Stored data entries:

——————————

(* Let $k\ge 3$ be an integer. Let $T$ be a $(k-1)^+$-branching tree in which exactly one vertex $y$ has degree $k-1$ (so every other internal vertex has degree at least $k$), and suppose $y$ has a neighbour $z$ that is not a leaf. Let $T'$ be the tree obtained from $T$ by contracting the edge $yz$, i.e., deleting $y$ and adding an edge $zx$ for every neighbour $x\ne z$ of $y$. Then $T'$ is $k^+$-branching and $b^{\{y\}}(T)\le b(T')$.
   Context: In a tree, vertices of degree $1$ are leaves and all other vertices are internal vertices; a tree is $m^+$-branching if every internal vertex has degree at least $m$. Graph burning on a graph $G$: in each round $i=1,2,\dots$ a vertex $b_i$ (a source, possibly already burned) is chosen and burned, and simultaneously every unburned neighbour of a vertex burned by the end of round $i-1$ becomes burned; burned vertices stay burned. A sequence $(b_1,\dots,b_m)$ is a burning sequence if all vertices are burned after round $m$; the burning number $b(G)$ is the minimum length of a burning sequence. Modified burning: for $U\subseteq V(G)$ and vertices $x_1,\dots,x_m$, the sequence $(U\cup\{x_1\},x_2,\dots,x_m)$ burns all vertices of $U\cup\{x_1\}$ in round $1$ and proceeds as in ordinary burning in rounds $i\ge 2$ (burning $x_i$ and spreading); it is a modified burning sequence if all vertices are burned after round $m$. $b^{U}(G)$ is the minimum length $m$ of a modified burning sequence for $G$ with the given set $U$. *)

From mathcomp Require Import all_boot.
Set Implicit Arguments. Unset Strict Implicit. Unset Printing Implicit Defensive.

Section Graphs.
Variable V : finType.
Implicit Types (e : rel V).

Definition simple_graph e := symmetric e /\ irreflexive e.

Definition is_tree e :=
  (forall u v : V, connect e u v) /\
  ~ (exists c : seq V, [/\ uniq c, 3 <= size c & cycle e c]).

Definition deg e (v : V) : nat := #|[set u | e v u]|.

Definition is_leaf e v := deg e v == 1.
Definition is_internal e v := deg e v != 1.

Definition branching (m : nat) e := forall v, is_internal e v -> m <= deg e v.

Definition nbhd e (B : {set V}) : {set V} := [set u | [exists v in B, e v u]].

Definition burn_step e (B : {set V}) (x : V) : {set V} := x |: (B :|: nbhd e B).

Definition burn_from e (B0 : {set V}) (xs : seq V) : {set V} :=
  foldl (burn_step e) B0 xs.

Definition is_burning_seq e (s : seq V) := burn_from e set0 s = [set: V].

(* (U ∪ {x_1}, x_2, ..., x_m) is a modified burning sequence; xs = [x_2;...;x_m],
   its length is (size xs).+1 *)
Definition is_mod_burning_seq e (U : {set V}) (x1 : V) (xs : seq V) :=
  burn_from e (x1 |: U) xs = [set: V].

End Graphs.

Definition contract (V : finType) (e : rel V) (y z : V) : rel {v : V | v != y} :=
  fun u v => (val u != val v) &&
    [|| e (val u) (val v), (val u == z) && e y (val v) | (val v == z) && e y (val u)].
Arguments contract {V} e y z.

(* Contracting yz changes no degree except that of z: a tree has no triangles,
   so a neighbour of y other than z was not already adjacent to z.  The new
   degree of z is (deg z - 1) + (k - 2), and deg z >= k because it is at least
   k - 1 and differs from k - 1; hence T' is k^+-branching when k >= 3.
   For burning, start T from {y, x_1} and then follow x_2, ..., x_m, a burning
   sequence of T'.  Round by round, the burned set of T contains y and every
   vertex burned in T': an edge zx created by the contraction is replaced by the
   path z - y - x whose middle vertex is burned from the start. *)

From mathcomp Require Import all_boot zify.

Set Implicit Arguments. Unset Strict Implicit. Unset Printing Implicit Defensive.

Section SimpleGraph.
Variables (V : finType) (e : rel V).
Hypothesis sg : simple_graph e.

Lemma sg_irr a : e a a = false.
Proof. by case: sg => _; apply. Qed.

Lemma sg_sym a b : e a b = e b a.
Proof. by case: sg => + _; apply. Qed.

Lemma sg_neq a b : e a b -> a != b.
Proof. by apply: contraTneq => ->; rewrite sg_irr. Qed.

Lemma card_nbhdD1 a b : e a b -> #|[set w | e a w] :\ b| = (deg e a).-1.
Proof. by move=> eab; rewrite /deg (cardsD1 b [set w | e a w]) inE eab. Qed.

Definition triangle_free := forall a b c, e a b -> e b c -> ~~ e c a.

Lemma tree_triangle_free : is_tree e -> triangle_free.
Proof.
case=> _ acyclic a b c eab ebc; apply/negP => eca; apply: acyclic.
exists [:: a; b; c]; split=> //=; last by rewrite eab ebc eca.
rewrite !inE !negb_or andbT -!(eq_sym c) -andbA.
by apply/and3P; split; apply/eqP => eq; move: eab ebc eca; rewrite eq sg_irr => *.
Qed.

End SimpleGraph.

Section Burning.
Variables (V : finType) (e : rel V).

Lemma nbhd0 : nbhd e set0 = set0.
Proof. by apply/setP => u; rewrite !inE; apply/existsP => -[v]; rewrite inE. Qed.

Lemma burn_step0 x : burn_step e set0 x = [set x].
Proof. by rewrite /burn_step nbhd0 !setU0. Qed.

Lemma burn_step_subset (B : {set V}) x : B \subset burn_step e B x.
Proof. by apply/subsetP => u uB; rewrite !inE uB orbT. Qed.

Lemma burn_from_subset (B : {set V}) xs : B \subset burn_from e B xs.
Proof.
elim: xs B => [|x xs IH] B /=; first exact: subxx.
exact: subset_trans (burn_step_subset B x) (IH _).
Qed.

End Burning.

Section Contraction.
Variables (V : finType) (e : rel V) (y z : V).
Hypotheses (sg : simple_graph e) (tf : triangle_free e) (eyz : e y z).

Local Notation e' := (contract e y z).

Definition contract_nbhd (v : V) : {set V} :=
  [set w | [&& w != y, v != w & [|| e v w, (v == z) && e y w | (w == z) && e y v]]].

Lemma deg_contract (v' : {v : V | v != y}) : deg e' v' = #|contract_nbhd (val v')|.
Proof.
rewrite /deg -(card_imset [set u | e' v' u] val_inj); apply: eq_card => w.
rewrite inE; apply/imsetP/idP => [[u' + ->] | /andP[wy adj]].
  by rewrite inE (valP u').
by exists (exist _ w wy); rewrite // inE.
Qed.

Lemma z_neq_y : z != y.
Proof. by rewrite eq_sym (sg_neq sg eyz). Qed.

Lemma contract_nbhd_other v : v != z ->
  contract_nbhd v = if e y v then z |: ([set w | e v w] :\ y) else [set w | e v w].
Proof.
move=> vz; apply/setP => w; rewrite !inE (negbTE vz) /=.
have [eyv|neyv] := boolP (e y v); rewrite !inE ?andbT ?andbF ?orbF.
  have [->|_] := eqVneq w z; first by rewrite z_neq_y vz !orbT.
  by rewrite orbF; case evw: (e v w); rewrite ?andbF // (sg_neq sg evw).
case evw: (e v w); rewrite ?andbF // (sg_neq sg evw) !andbT.
by apply: contraNneq neyv => wy; rewrite -wy (sg_sym sg).
Qed.

Lemma deg_contract_other (v' : {v : V | v != y}) :
  val v' != z -> deg e' v' = deg e (val v').
Proof.
move=> vz; rewrite deg_contract contract_nbhd_other //; case: ifP => // eyv.
have nevz : ~~ e (val v') z by apply: (tf _ eyv); rewrite (sg_sym sg).
rewrite cardsU1 !inE (negbTE nevz) andbF card_nbhdD1 1?(sg_sym sg) //.
by rewrite add1n prednK //; apply/card_gt0P; exists y; rewrite inE (sg_sym sg).
Qed.

Lemma contract_nbhd_z :
  contract_nbhd z = ([set w | e z w] :\ y) :|: ([set w | e y w] :\ z).
Proof.
apply/setP => w; rewrite !inE eqxx eyz andbT /=.
have [->|_] := eqVneq w z; first by rewrite (sg_irr sg); case: (z != y).
case eyw: (e y w); rewrite ?orbF ?orbT ?andbT //.
by rewrite eq_sym (sg_neq sg eyw).
Qed.

Lemma deg_contract_z (z' : {v : V | v != y}) :
  val z' = z -> deg e' z' = (deg e z).-1 + (deg e y).-1.
Proof.
move=> z'z; have ezy : e z y by rewrite (sg_sym sg).
have disj : ([set w | e z w] :\ y) :&: ([set w | e y w] :\ z) = set0.
  apply/setP => w; rewrite !inE; apply/negP => /andP[/andP[_ ezw] /andP[_ eyw]].
  by move: (tf eyz ezw); rewrite (sg_sym sg w) eyw.
by rewrite deg_contract z'z contract_nbhd_z cardsU disj cards0 subn0 !card_nbhdD1.
Qed.

Lemma contract_branching k :
  3 <= k -> branching k.-1 e -> deg e y = k.-1 ->
  (forall v, v != y -> deg e v != k.-1) -> is_internal e z ->
  branching k e'.
Proof.
move=> k3 br degy deg_ne intz v' int'.
have ge_k v : v != y -> is_internal e v -> k <= deg e v.
  by move=> vy /br; have := deg_ne v vy; lia.
have [v'z|v'z] := eqVneq (val v') z.
  by rewrite deg_contract_z // degy; have := ge_k z z_neq_y intz; lia.
rewrite deg_contract_other //; apply: ge_k (valP v') _.
by move: int'; rewrite /is_internal deg_contract_other.
Qed.

Lemma burn_step_contract (B' : {set {v : V | v != y}}) (B : {set V}) x' :
  y \in B -> val @: B' \subset B ->
  val @: burn_step e' B' x' \subset burn_step e B (val x').
Proof.
move=> yB /subsetP B'B; apply/subsetP => _ /imsetP[u' + ->].
rewrite /burn_step /nbhd !inE => /or3P[/eqP -> | u'B | /existsP[v' /andP[v'B adj]]].
- by rewrite eqxx.
- by rewrite B'B ?orbT // imset_f.
- apply/orP; right; apply/orP; right; apply/existsP.
  case/andP: adj => _ /or3P[evu | /andP[/eqP vz eyu] | /andP[/eqP uz eyv]].
  + by exists (val v'); rewrite B'B ?imset_f.
  + by exists y; rewrite yB.
  + by exists y; rewrite yB uz.
Qed.

Lemma burn_from_contract (B' : {set {v : V | v != y}}) (B : {set V}) xs' :
  y \in B -> val @: B' \subset B ->
  val @: burn_from e' B' xs' \subset burn_from e B (map val xs').
Proof.
elim: xs' B' B => [|x' xs' IH] B' B yB B'B //=.
apply: IH; last exact: burn_step_contract.
exact: subsetP (burn_step_subset e B (val x')) _ yB.
Qed.

Lemma contract_mod_burning_seq x' xs' :
  is_burning_seq e' (x' :: xs') -> is_mod_burning_seq e [set y] (val x') (map val xs').
Proof.
rewrite /is_burning_seq /is_mod_burning_seq /= burn_step0 => burnt.
have yB : y \in val x' |: [set y] by rewrite !inE eqxx orbT.
apply/eqP; rewrite eqEsubset subsetT; apply/subsetP => w _.
have [->|wy] := eqVneq w y; first exact: subsetP (burn_from_subset _ _ _) _ yB.
have : val @: burn_from e' [set x'] xs' \subset burn_from e (val x' |: [set y]) (map val xs').
  by apply: burn_from_contract; rewrite // imset_set1 sub1set !inE eqxx.
by rewrite burnt => /subsetP; apply; apply/imsetP; exists (exist _ w wy).
Qed.

End Contraction.

Theorem mainTheorem4 (V : finType) (e : rel V) (k : nat) (y z : V) :
  3 <= k ->
  simple_graph e -> is_tree e ->
  branching k.-1 e ->
  deg e y = k.-1 ->
  (forall v, v != y -> deg e v != k.-1) ->
  e y z -> is_internal e z ->
  branching k (contract e y z) /\
  (forall s' : seq {v : V | v != y}, is_burning_seq (contract e y z) s' ->
     exists (x1 : V) (xs : seq V),
       is_mod_burning_seq e [set y] x1 xs /\ (size xs).+1 <= size s').
Proof.
move=> k3 sg tree br degy deg_ne eyz intz.
have tf := tree_triangle_free sg tree.
split; first exact: (contract_branching sg tf eyz k3 br degy deg_ne intz).
case=> [|x' xs'] burnt.
  by move/setP/(_ (exist _ z (z_neq_y sg eyz))): burnt; rewrite !inE.
exists (val x'), (map val xs'); split; last by rewrite size_map.
exact: (contract_mod_burning_seq eyz burnt).
Qed.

——————————

→ EXERCISE GOAL
If a line of the data contains "andP", copy it out.

→ REPLY
rewrite inE; apply/imsetP/idP => [[u' + ->] | /andP[wy adj]].
  apply/setP => w; rewrite !inE; apply/negP => /andP[/andP[_ ezw] /andP[_ eyw]].
rewrite /burn_step /nbhd !inE => /or3P[/eqP -> | u'B | /existsP[v' /andP[v'B adj]]].
  case/andP: adj => _ /or3P[evu | /andP[/eqP vz eyu] | /andP[/eqP uz eyv]].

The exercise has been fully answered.